Euro to Pound Sterling Falls Confirming the Pair as Perfect Range Play
The euro to British pound conversion (EURGBP) appears to have hit a brick wall as its May-June recovery stalls at what is now a well established barrier.
The euro has lost its advantage against the pound sterling and the majority of G10 rivals following a strong move higher over late May / early June.
Indeed, our latest EUR-USD analysis shows the euro to be struggling at the 2014-2015 downtrend, could this be dictating movements elsewhere in the complex?
We think moves in EUR-USD are extremely important for the entire exchange rate complex, however the EUR-GBP has its own difficulties which will only add to the sense that the tide is about to turn on the May-June rally.
As we can see the currency pair is becoming quite predictable and has turned into a sideways-moving range play:
Because the euro remains caught in such a well-defined range against the pound it gives us confidence in calling where it may be headed next on technical observations. As the above suggests the exchange rate could now be headed lower towards the 0.7100 region.
However, the above graphic also warns that we would face a period of protracted strength or weakness should the range be broken to the upside or downside.
At the time of writing the euro to pound conversion (EURGBP) is quoted at 0.7285 on the open market.
High street banks are offering the euro in the region of 0.700 while independent international payment specialist offers are seen around 0.7235 region.
Consolidation and Resistance Forecast
We are getting the sense that the euro’s strength may ultimately come to an end due to technical exhaustion with the rally now becoming over-extended.
The EURGBP has powered higher since the 27th of May when a low of 0.7055 was achieved, this zone of support forms a base beyond which selling interest just can’t be sustained and bargain-hunters step in to pick up cheap euros.
The resultant buying pressure has taken the market back up to 0.7373 where it is quoted at present.
Ahead lies 0.7400 – an area that has thwarted buying interest since March. We are seeing signs that this level could once again be the undoing of the euro.
“We believe EURGBP is in a wide consolidation range, but weaker UK data could see the cross push up through 0.7400 towards more meaningful resistance in the 0.7475-0.725 region, which incorporates the recent highs set in early May, pre-UK election,” says a note on the matter issued by Lloyds Bank.
Analysts believe that area should cap the upside again with the QE programme and Greek worries eventually re-weighing on the EUR.
0.7260/55 is pivot support in this regard, with a decline back through there suggesting a move back to the range lows.
If the aforementioned resistance points are broken by a continuation of the euro’s strength then many in the market could well start considering the euro to hold the advantage and call the end to the British pound’s recent reign of supremacy.
More Euro Strength is Possible
Fundamentally speaking, underpinning the euro is a continued improvement in data releases confirming that the European Central Bank’s quantitative easing programme may be working.
The ECB is looking to pump over a trillion euros into the Eurozone economic area by buying up government bonds, the hope is that this cash injection will boost economic growth.

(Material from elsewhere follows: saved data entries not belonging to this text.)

(* A minor uses the column m_(t+1) at most once, and linearly; replacing k m_(t+1)
   by its expansion in the first e + t columns leaves minors of [Dmat n ms t]. *)
Lemma Dseq_dvd_scaled_det t k g :
  (forall j, g j <= e + t)%N -> lattice t (k *: ms`_t) ->
  (Dseq n ms t %| k * \det (Dsel g))%Z.
Proof.
move=> g_le [c kmsE].
have [/existsP [j0 /eqP gj0] | /existsPn g_lt] := boolP [exists j, g j == (e + t)%N];
  last by apply/dvdz_mull/Dseq_dvd_det => j; rewrite ltn_neqAle g_le g_lt.
have [/existsP [j1 /andP [neq_j /eqP gj1]] | /existsPn g_once] :=
  boolP [exists j1, (j1 != j0) && (g j1 == (e + t)%N)].
  by rewrite (det_alternate_col neq_j) ?mulr0 // => r; rewrite !mxE gj1 gj0.
have set_col_dvd i : (i < e + t)%N -> (Dseq n ms t %| \det (Dsel (set_col g j0 i)))%Z.
  move=> i_lt; apply: Dseq_dvd_det => j; rewrite /set_col; case: eqP => // /eqP neq_j.
  by rewrite ltn_neqAle g_le andbT; have := g_once j; rewrite neq_j.
have kgenE r : k * Dgen (e + t) 0 r = \sum_(i < e + t) c i * Dgen i 0 r.
  have -> : k * Dgen (e + t) 0 r = (k *: ms`_t) 0 r by rewrite Dgen_ms mxE.
  rewrite kmsE summxE.
  by apply: eq_bigr => i _; rewrite mxE.
have detE : \det (Dsel g) = \sum_r Dgen (e + t) 0 r * cofactor (Dsel g) r j0.
  by rewrite -det_Dsel_set_col -gj0 set_col_id.
rewrite detE mulr_sumr.
under eq_bigr => r _ do rewrite mulrA kgenE mulr_suml.
rewrite exchange_big /=; apply: rpred_sum => i _.
under eq_bigr => r _ do rewrite -mulrA.
by rewrite -mulr_sumr -det_Dsel_set_col; apply/dvdz_mull/set_col_dvd.
Qed.

Lemma Dseq_dvd_scaled_Dseq t k :
  lattice t (k *: ms`_t) -> (Dseq n ms t %| `|k| * Dseq n ms t.+1)%N.
Proof.
move=> k_lat; rewrite {2}/Dseq /gcd_minors.
apply: (big_ind (fun x => Dseq n ms t %| `|k| * x)%N).
- by rewrite muln0 dvdn0.
- by move=> x y x_dvd y_dvd; rewrite muln_gcdr dvdn_gcd x_dvd y_dvd.
move=> s _; rewrite -abszM colsub_Dmat.
have s_le j : (s j <= e + t)%N by rewrite -ltnS -addnS ltn_ord.
by have := Dseq_dvd_scaled_det s_le k_lat; rewrite dvdzE.
Qed.

Hypothesis n_gt0 : (0 < n)%N.

Lemma eseq_dvd_lattice_coef t k :
  lattice t (k *: ms`_t) -> (eseq n ms t.+1 %| `|k|)%N.
Proof.
move/Dseq_dvd_scaled_Dseq; rewrite /eseq /= -{1}(divnK (Dseq_dvd_prev t)).
by rewrite dvdn_pmul2r ?Dseq_gt0.
Qed.

Lemma lattice_coef_eq0 t k :
  (`|k| < eseq n ms t.+1)%N -> lattice t (k *: ms`_t) -> k = 0.
Proof.
move=> k_lt /eseq_dvd_lattice_coef e_dvd; apply/eqP; rewrite -absz_eq0; apply/eqP.
have [//|k_gt0] := posnP `|k|%N.
by have := dvdn_leq k_gt0 e_dvd; rewrite leqNgt k_lt.
Qed.

Section Combination.
Variables (d0 : 'rV[int]_e) (d : 'I_(size ms) -> int).
Hypothesis d_lt : forall j, (`|d j| < eseq n ms j.+1)%N.
Hypothesis comb_eq0 : n%:Z *: d0 + \sum_j d j *: rseq n ms j = 0.

Lemma top_coef_eq0 (t : 'I_(size ms)) :
  (forall j : 'I_(size ms), (t < j)%N -> d j = 0) -> d t = 0.
Proof.
move=> d_top; apply: (lattice_coef_eq0 (d_lt t)).
have dt_lat : lattice t (d t *: rseq n ms t).
  move: comb_eq0; rewrite (bigD1 t) //= addrCA => /eqP; rewrite addr_eq0 => /eqP ->.
  apply/latticeN/latticeD; first exact: lattice_scale_n.
  apply: lattice_sum => j neq_j; case: (ltngtP j t) => [j_lt|t_lt|/val_inj j_t].
  - by apply/latticeZ/rseq_lattice.
  - by rewrite d_top // scale0r; apply: lattice0.
  - by rewrite j_t eqxx in neq_j.
have -> : d t *: ms`_t = d t *: rseq n ms t - d t *: (rseq n ms t - ms`_t).
  by rewrite scalerBr opprB addrC subrK.
by apply: latticeD dt_lat _; apply/latticeN/latticeZ/rseq_sub_ms_lattice.
Qed.

Lemma comb_coef_eq0 j : d j = 0.
Proof.
apply/eqP/negPn/negP => dj_neq0.
case: (@arg_maxnP _ j (fun i => d i != 0) val dj_neq0) => t dt_neq0 t_max.
apply/(negP dt_neq0)/eqP/top_coef_eq0 => i t_lt; apply/eqP/negPn/negP => di_neq0.
by have /= := t_max i di_neq0; rewrite leqNgt t_lt.
Qed.

Lemma comb_r0_eq0 : d0 = 0.
Proof.
move: comb_eq0; rewrite big1 => [|j _]; last by rewrite comb_coef_eq0 scale0r.
have n_neq0 : n%:Z != 0 by rewrite eqz_nat -lt0n.
by rewrite addr0 => /eqP; rewrite scalemx_eq0 (negbTE n_neq0) => /eqP.
Qed.

End Combination.

Lemma semigroup_comb_inj alpha0 beta0 (alpha beta : 'I_(size ms) -> nat) :
  (forall j, alpha j < eseq n ms j.+1)%N -> (forall j, beta j < eseq n ms j.+1)%N ->
  semigroup_comb n ms alpha0 alpha = semigroup_comb n ms beta0 beta ->
  alpha0 = beta0 /\ alpha = beta.
Proof.
move=> a_lt b_lt /eqP; rewrite -subr_eq0 /semigroup_comb !sum_r0 => /eqP comb_eq0.
pose d j := (alpha j)%:Z - (beta j)%:Z.
have d_lt j : (`|d j| < eseq n ms j.+1)%N by have := a_lt j; have := b_lt j; rewrite /d; lia.
have d_comb : n%:Z *: (alpha0 - beta0) + \sum_j d j *: rseq n ms j = 0.
  rewrite -[RHS]comb_eq0 opprD addrACA -scalerBr -sumrB.
  by under [in RHS]eq_bigr => j _ do rewrite -scalerBl.
split; first by apply/eqP; rewrite -subr_eq0 (comb_r0_eq0 d_lt d_comb).
apply/funext => j; apply/eqP; rewrite -eqz_nat -subr_eq0.
by rewrite -/(d j) (comb_coef_eq0 d_lt d_comb).
Qed.

End CharLattice.

Theorem mainTheorem12 (K : closedFieldType) (e : nat) (gens : seq 'rV[rat]_e)
    (le : rel 'rV[int]_e) (f : spoly e K) (n : nat) (ms : seq 'rV[int]_e)
    (alpha0 beta0 : 'rV[int]_e) (alpha beta : 'I_(size ms) -> nat) :
  [pchar K] =i pred0 ->
  line_free gens ->
  additive_total_order le ->
  compatible_order gens le ->
  free_poly gens f n ->
  char_exps gens le f n ms ->
  (forall j : 'I_(size ms), (alpha j < eseq n ms j.+1)%N) ->
  (forall j : 'I_(size ms), (beta j < eseq n ms j.+1)%N) ->
  semigroup_comb n ms alpha0 alpha = semigroup_comb n ms beta0 beta ->
  alpha0 = beta0 /\ alpha = beta.
Proof.
move=> _ _ _ _ /free_poly_deg_gt0 n_gt0 _.
exact: semigroup_comb_inj.
Qed.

If economic data continue to improve the ECB could well bring forward the date for the termination of the programme, which is currently set for September 2016.
Such a turn of events would light a fire under the euro which could well push the pound to euro pair (GBPEUR) down to 1.30 and then lower.
Troubles Ahead?
We have already spoken about the improvement in economic activity driving buying interest but, “the value that was added to eurozone stock markets on the back of QE is quickly being eroded due to Greece, and with the payback deadline looming dealers are doing their utmost to get out,” says out David Madden at IG pointing to the ever-present threat that is Greece.
There is however talk of a 9 month extension being placed on impending payments, this could buy the country more time and stoke a fresh buying spree of euros if this is confirmed.
For now though we lean on the side of recent history – we expect the sideays-trending range to hold and the pound sterling to regain the initiative as buying pressures on the euro become fatigued.
Indeed, UK domestic data releases for the week beginning the 8th of June has come in ahead of expectations allowing the GBP to rally, reinforcing the technical plays mentioned in this piece.